(* For a graph $G=(V,E)$ and $\tau\ge1$, let $Q_{\mathrm{LP\text{-}Del\text{-}N}}(G,\tau)$ be the optimal value of the linear program $$\max\ -\sum_{v\in V}x_v\quad\text{s.t.}\quad y_e\ge1-x_{v'}-x_{v''}\ \ \forall e=(v',v'')\in E,\qquad \sum_{e\in E(v)}y_e\le\tau\ \ \forall v\in V,\qquad x_v,y_e\in[0,1].$$ Then: (1) for fixed $G$, $Q_{\mathrm{LP\text{-}Del\text{-}N}}(G,\tau)$ is non-decreasing in $\tau$ and equals $0$ for $\tau\ge\deg(G)$; (2) for any node-neighboring graphs $G,G'$, $|Q_{\mathrm{LP\text{-}Del\text{-}N}}(G,\tau)-Q_{\mathrm{LP\text{-}Del\text{-}N}}(G',\tau)|\le1$; (3) for node-neighboring $G,G'$ with $G\subseteq G'$, $Q_{\mathrm{LP\text{-}Del\text{-}N}}(G,\tau)\ge Q_{\mathrm{LP\text{-}Del\text{-}N}}(G',\tau)$.
   Context: Graphs are finite, simple, undirected; $E(v)$ is the set of edges incident to $v$ and $\deg(G)$ is the maximum degree. $G\subseteq G'$ means $G$ is obtained from $G'$ by deleting a set of nodes with all incident edges; $G,G'$ are node-neighboring if one is obtained from the other by deleting a single node with its incident edges. *)

From mathcomp Require Import all_boot all_order all_algebra.
From mathcomp Require Import classical_sets reals.
Set Implicit Arguments. Unset Strict Implicit. Unset Printing Implicit Defensive.
Import Order.TTheory GRing.Theory Num.Theory.
Local Open Scope ring_scope.

(* A finite simple graph is represented as the subgraph induced by a vertex
   set V : {set T} in a host graph given by a symmetric irreflexive relation
   e on a finite type T.  Deleting nodes (with incident edges) = shrinking V. *)

Definition edges (T : finType) (e : rel T) (V : {set T}) : {set {set T}} :=
  [set [set u; v] | u in V, v in V & e u v].

(* deg(G): maximum degree (0 for the empty graph) *)
Definition max_deg (T : finType) (e : rel T) (V : {set T}) : nat :=
  \max_(v in V) #|[set u in V | e v u]|.

Definition LP_Del_N_feasible (R : realType) (T : finType) (e : rel T)
    (V : {set T}) (tau : R) (x : T -> R) (y : {set T} -> R) : Prop :=
  [/\ (forall u v, u \in V -> v \in V -> e u v -> 1 - x u - x v <= y [set u; v]),
      (forall v, v \in V -> \sum_(ed in edges e V | v \in ed) y ed <= tau),
      (forall v, v \in V -> 0 <= x v <= 1) &
      (forall ed, ed \in edges e V -> 0 <= y ed <= 1)].

Definition Q_LP_Del_N (R : realType) (T : finType) (e : rel T)
    (V : {set T}) (tau : R) : R :=
  sup [set r : R | exists x y, LP_Del_N_feasible e V tau x y /\
                               r = - \sum_(v in V) x v].

Definition node_neighboring (T : finType) (V V' : {set T}) : Prop :=
  exists v, (v \notin V /\ V' = v |: V) \/ (v \notin V' /\ V = v |: V').

From mathcomp Require Import all_boot all_order all_algebra.
From mathcomp Require Import classical_sets reals.
From mathcomp Require Import lra.
Import Order.TTheory GRing.Theory Num.Theory.
Local Open Scope ring_scope.

(* Every bound on the optimal value comes from transporting feasible
   solutions.  Raising tau keeps a solution feasible; deleting nodes keeps
   the restriction feasible and can only lower the cost sum_v x_v; adding a
   node v stays feasible by putting v in the deletion set (x_v = 1) and
   dropping its edges (y_e = 0), which raises the cost by exactly 1.  When
   tau >= deg(G), keeping every edge (x = 0, y = 1) is feasible at cost 0,
   and 0 is always an upper bound. *)

Lemma ler_sum_subpred (R : numDomainType) (I : finType) (P Q : pred I)
    (F : I -> R) :
  subpred P Q -> (forall i, Q i -> 0 <= F i) ->
  \sum_(i | P i) F i <= \sum_(i | Q i) F i.
Proof.
move=> sPQ F_ge0; rewrite big_mkcond [leRHS]big_mkcond; apply: ler_sum => i _.
by case: (boolP (P i)) => [/sPQ -> // | _]; case: ifP => // /F_ge0.
Qed.

Section LPDelN.

Set Implicit Arguments.
Unset Strict Implicit.

Variables (R : realType) (T : finType) (e : rel T).

Lemma edgesP (V : {set T}) ed :
  reflect (exists u w, [/\ u \in V, w \in V, e u w & ed = [set u; w]])
          (ed \in edges e V).
Proof.
apply: (iffP imset2P).
- by move=> [u w uV]; rewrite inE => /andP[wV euw] ->; exists u, w.
- case=> u [w [uV wV euw ->]]; exists u w => //; by rewrite inE wV.
Qed.

Lemma edgesS (V V' : {set T}) : V \subset V' -> edges e V \subset edges e V'.
Proof.
move=> sVV'; apply/fintype.subsetP => _ /edgesP[u [w [uV wV euw ->]]].
by apply/edgesP; exists u, w; rewrite !(fintype.subsetP sVV').
Qed.

Lemma edges_setU1 (V : {set T}) v ed :
  ed \in edges e (v |: V) -> v \notin ed -> ed \in edges e V.
Proof.
case/edgesP=> u [w [uV wV euw ->]]; rewrite !inE negb_or => /andP[vu vw].
move: uV wV; rewrite !inE eq_sym (negbTE vu) eq_sym (negbTE vw) => uV wV.
by apply/edgesP; exists u, w.
Qed.

Lemma card_edges_at_le_max_deg (esym : symmetric e) (V : {set T}) w :
  w \in V -> (#|[set ed in edges e V | w \in ed]| <= max_deg e V)%N.
Proof.
move=> wV; apply: (@leq_trans #|[set u in V | e w u]|); last first.
  exact: (@leq_bigmax_cond _ (mem V) (fun v => #|[set u in V | e v u]|) _ wV).
apply: (leq_trans _ (leq_imset_card (fun u => [set w; u]) _)).
apply/subset_leq_card/fintype.subsetP => ed; rewrite inE => /andP[].
case/edgesP=> a [b [aV bV eab ->]]; rewrite !inE => /orP[]/eqP wE; subst w.
  by apply/imsetP; exists b; rewrite // inE bV eab.
by apply/imsetP; exists a; [rewrite inE aV esym eab | rewrite finset.setUC].
Qed.

Definition LP_Del_N_values (V : {set T}) (tau : R) : set R :=
  [set r | exists x y, LP_Del_N_feasible e V tau x y /\
                       r = - \sum_(v in V) x v].

Lemma LP_Del_N_values_le0 (V : {set T}) (tau : R) :
  ubound (LP_Del_N_values V tau) 0.
Proof.
move=> _ [x [y [[_ _ x01 _] ->]]]; rewrite oppr_le0.
by apply: sumr_ge0 => v /x01 /andP[].
Qed.

Lemma LP_Del_N_feasible_delete_all (V : {set T}) (tau : R) :
  0 <= tau -> LP_Del_N_feasible e V tau (fun=> 1) (fun=> 0).
Proof.
move=> tau_ge0; split => [u w _ _ _|v _|v _|ed _].
- by rewrite !subrr sub0r lerN10.
- by rewrite big1.
- by rewrite lexx ler01.
- by rewrite lexx ler01.
Qed.

Lemma LP_Del_N_values_neq0 (V : {set T}) (tau : R) :
  0 <= tau -> (LP_Del_N_values V tau !=set0)%classic.
Proof.
move=> tau_ge0; exists (- \sum_(v in V) 1), (fun=> 1), (fun=> 0).
by split; last by []; exact: LP_Del_N_feasible_delete_all.
Qed.

Lemma Q_LP_Del_N_le0 (V : {set T}) (tau : R) :
  0 <= tau -> Q_LP_Del_N e V tau <= 0.
Proof.
by move=> tau_ge0; apply: ge_sup; [exact: LP_Del_N_values_neq0 |
                                   exact: LP_Del_N_values_le0].
Qed.

Lemma Q_LP_Del_N_le_transport (V V' : {set T}) (tau tau' c : R) :
  0 <= tau ->
  (forall x y, LP_Del_N_feasible e V tau x y ->
     exists x' y', LP_Del_N_feasible e V' tau' x' y' /\
       - \sum_(v in V) x v <= - \sum_(v in V') x' v + c) ->
  Q_LP_Del_N e V tau <= Q_LP_Del_N e V' tau' + c.
Proof.
move=> tau_ge0 transport; apply: ge_sup; first exact: LP_Del_N_values_neq0.
move=> _ [x [y [/transport [x' [y' [feas' le_cost]]] ->]]].
apply: (le_trans le_cost); rewrite lerD2r; apply: ub_le_sup.
  by exists 0; exact: LP_Del_N_values_le0.
by exists x', y'.
Qed.

Lemma LP_Del_N_feasible_le_tau (V : {set T}) (tau1 tau2 : R) x y :
  tau1 <= tau2 -> LP_Del_N_feasible e V tau1 x y ->
  LP_Del_N_feasible e V tau2 x y.
Proof.
by move=> le_tau [cover load x01 y01]; split => // v /load /le_trans; apply.
Qed.

Lemma Q_LP_Del_N_le_tau (V : {set T}) (tau1 tau2 : R) :
  0 <= tau1 -> tau1 <= tau2 -> Q_LP_Del_N e V tau1 <= Q_LP_Del_N e V tau2.
Proof.
move=> tau1_ge0 le_tau; rewrite -[leRHS]addr0.
apply: Q_LP_Del_N_le_transport => // x y feas; exists x, y.
by rewrite addr0; split; first exact: LP_Del_N_feasible_le_tau feas.
Qed.

Lemma LP_Del_N_feasible_subset (V V' : {set T}) (tau : R) x y :
  V \subset V' -> LP_Del_N_feasible e V' tau x y ->
  LP_Del_N_feasible e V tau x y.
Proof.
move=> sVV' [cover load x01 y01]; have sE := edgesS sVV'.
split => [u w uV wV|v vV|v vV|ed Ed].
- by apply: cover; exact: (fintype.subsetP sVV').
- apply: le_trans (load v (fintype.subsetP sVV' v vV)).
  apply: ler_sum_subpred => [ed /andP[Ed ->]|ed /andP[/y01 /andP[]//]].
  by rewrite (fintype.subsetP sE).
- exact/x01/(fintype.subsetP sVV').
- exact/y01/(fintype.subsetP sE).
Qed.

Lemma Q_LP_Del_N_subset (V V' : {set T}) (tau : R) :
  0 <= tau -> V \subset V' -> Q_LP_Del_N e V' tau <= Q_LP_Del_N e V tau.
Proof.
move=> tau_ge0 sVV'; rewrite -[leRHS]addr0.
apply: Q_LP_Del_N_le_transport => // x y feas; exists x, y; split.
  exact: LP_Del_N_feasible_subset feas.
rewrite addr0 lerN2; apply: ler_sum_subpred => [v /(fintype.subsetP sVV') //|v].
by case: feas => _ _ x01 _ /x01 /andP[].
Qed.

Lemma LP_Del_N_feasible_setU1 (eirr : irreflexive e) (V : {set T}) v
    (tau : R) x y :
  0 <= tau -> v \notin V -> LP_Del_N_feasible e V tau x y ->
  LP_Del_N_feasible e (v |: V) tau
    (fun u => if u == v then 1 else x u)
    (fun ed => if v \in ed then 0 else y ed).
Proof.
move=> tau_ge0 vV [cover load x01 y01].
split => [u w|w|u|ed Ed].
- rewrite !inE; have [->|uv] := eqVneq u v => [_|/= uV].
    have [->|wv /= wV _] := eqVneq w v; first by rewrite eirr.
    by rewrite subrr sub0r oppr_le0; case/andP: (x01 w wV).
  have [->|wv /= wV] := eqVneq w v => [_ _|].
    by rewrite addrAC subrr sub0r oppr_le0; case/andP: (x01 u uV).
  exact: cover.
- rewrite !inE; have [->|wv /= wV] := eqVneq w v => [_|].
    by rewrite big1 // => ed /andP[_ ->].
  apply: le_trans (load w wV); rewrite big_mkcond [leRHS]big_mkcond /=.
  apply: ler_sum => ed _.
  have rhs_ge0 : 0 <= (if (ed \in edges e V) && (w \in ed) then y ed else 0).
    by case: ifP => // /andP[Ed _]; case/andP: (y01 _ Ed).
  case: (boolP (v \in ed)) => [_|vNed]; first by rewrite if_same.
  case: ifP => [/andP[Ed wed]|_] //; by rewrite (edges_setU1 Ed vNed) wed.
- rewrite !inE; case: eqP => [_ _|_ /= uV]; first by rewrite lexx ler01.
  exact: x01.
- case: ifP => [_|vNed]; first by rewrite lexx ler01.
  by apply/y01/(edges_setU1 Ed); rewrite vNed.
Qed.

Lemma Q_LP_Del_N_setU1 (eirr : irreflexive e) (V : {set T}) v (tau : R) :
  0 <= tau -> v \notin V ->
  Q_LP_Del_N e V tau <= Q_LP_Del_N e (v |: V) tau + 1.
Proof.
move=> tau_ge0 vV; apply: Q_LP_Del_N_le_transport => // x y feas.
eexists; eexists; split; first exact: LP_Del_N_feasible_setU1 feas.
rewrite big_setU1 //= eqxx opprD addrAC addNr add0r lerN2 (eq_bigr x) // => u uV.
by case: eqP => // uv; rewrite -uv uV in vV.
Qed.

Lemma Q_LP_Del_N_max_deg (esym : symmetric e) (V : {set T}) (tau : R) :
  0 <= tau -> (max_deg e V)%:R <= tau -> Q_LP_Del_N e V tau = 0.
Proof.
move=> tau_ge0 deg_le; apply/le_anti; rewrite Q_LP_Del_N_le0 //=.
apply: ub_le_sup; first by exists 0; exact: LP_Del_N_values_le0.
exists (fun=> 0), (fun=> 1); split; last by rewrite big1 // oppr0.
split => [u w _ _ _|w wV|v _|ed _].
- by rewrite !subr0.
- apply: le_trans deg_le; rewrite -[leLHS]/(\sum_(ed in _ | _) 1%:R) -natr_sum.
  by rewrite ler_nat sum1dep_card; exact: card_edges_at_le_max_deg.
- by rewrite lexx ler01.
- by rewrite lexx ler01.
Qed.

Lemma dist_Q_LP_Del_N_setU1 (eirr : irreflexive e) (V : {set T}) v (tau : R) :
  0 <= tau -> v \notin V ->
  `|Q_LP_Del_N e V tau - Q_LP_Del_N e (v |: V) tau| <= 1.
Proof.
move=> tau_ge0 vV; have := Q_LP_Del_N_setU1 eirr tau_ge0 vV.
have := Q_LP_Del_N_subset tau_ge0 (finset.subsetUr [set v] V).
by rewrite ler_norml => ? ?; apply/andP; split; lra.
Qed.

End LPDelN.

Theorem mainTheorem6 (R : realType) (T : finType) (e : rel T)
    (esym : symmetric e) (eirr : irreflexive e) :
  (* (1) monotone in tau, and zero once tau >= deg(G) *)
  (forall (V : {set T}) (tau1 tau2 : R), 1 <= tau1 -> tau1 <= tau2 ->
      Q_LP_Del_N e V tau1 <= Q_LP_Del_N e V tau2) /\
  (forall (V : {set T}) (tau : R), 1 <= tau -> (max_deg e V)%:R <= tau ->
      Q_LP_Del_N e V tau = 0) /\
  (* (2) sensitivity at most 1 under node-neighboring graphs *)
  (forall (V V' : {set T}) (tau : R), 1 <= tau -> node_neighboring V V' ->
      `|Q_LP_Del_N e V tau - Q_LP_Del_N e V' tau| <= 1) /\
  (* (3) monotone under deleting a node *)
  (forall (V V' : {set T}) (tau : R), 1 <= tau -> node_neighboring V V' ->
      V \subset V' -> Q_LP_Del_N e V' tau <= Q_LP_Del_N e V tau).
Proof.
have ge0 (tau : R) : 1 <= tau -> 0 <= tau by apply: le_trans ler01.
split; [|split; [|split]].
- by move=> V tau1 tau2 /ge0; exact: Q_LP_Del_N_le_tau.
- by move=> V tau /ge0; exact: Q_LP_Del_N_max_deg.
- move=> V V' tau /ge0 tau_ge0 [v [[vV ->]|[vV' ->]]].
    exact: dist_Q_LP_Del_N_setU1.
  by rewrite distrC; exact: dist_Q_LP_Del_N_setU1.
- by move=> V V' tau /ge0 tau_ge0 _; exact: Q_LP_Del_N_subset.
Qed.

____

## How to complete this task:
All lines of the entries above where "nodes" turns up should be reported.

## Solution:
   Context: Graphs are finite, simple, undirected; $E(v)$ is the set of edges incident to $v$ and $\deg(G)$ is the maximum degree. $G\subseteq G'$ means $G$ is obtained from $G'$ by deleting a set of nodes with all incident edges; $G,G'$ are node-neighboring if one is obtained from the other by deleting a single node with its incident edges. *)
   e on a finite type T.  Deleting nodes (with incident edges) = shrinking V. *)
   solutions.  Raising tau keeps a solution feasible; deleting nodes keeps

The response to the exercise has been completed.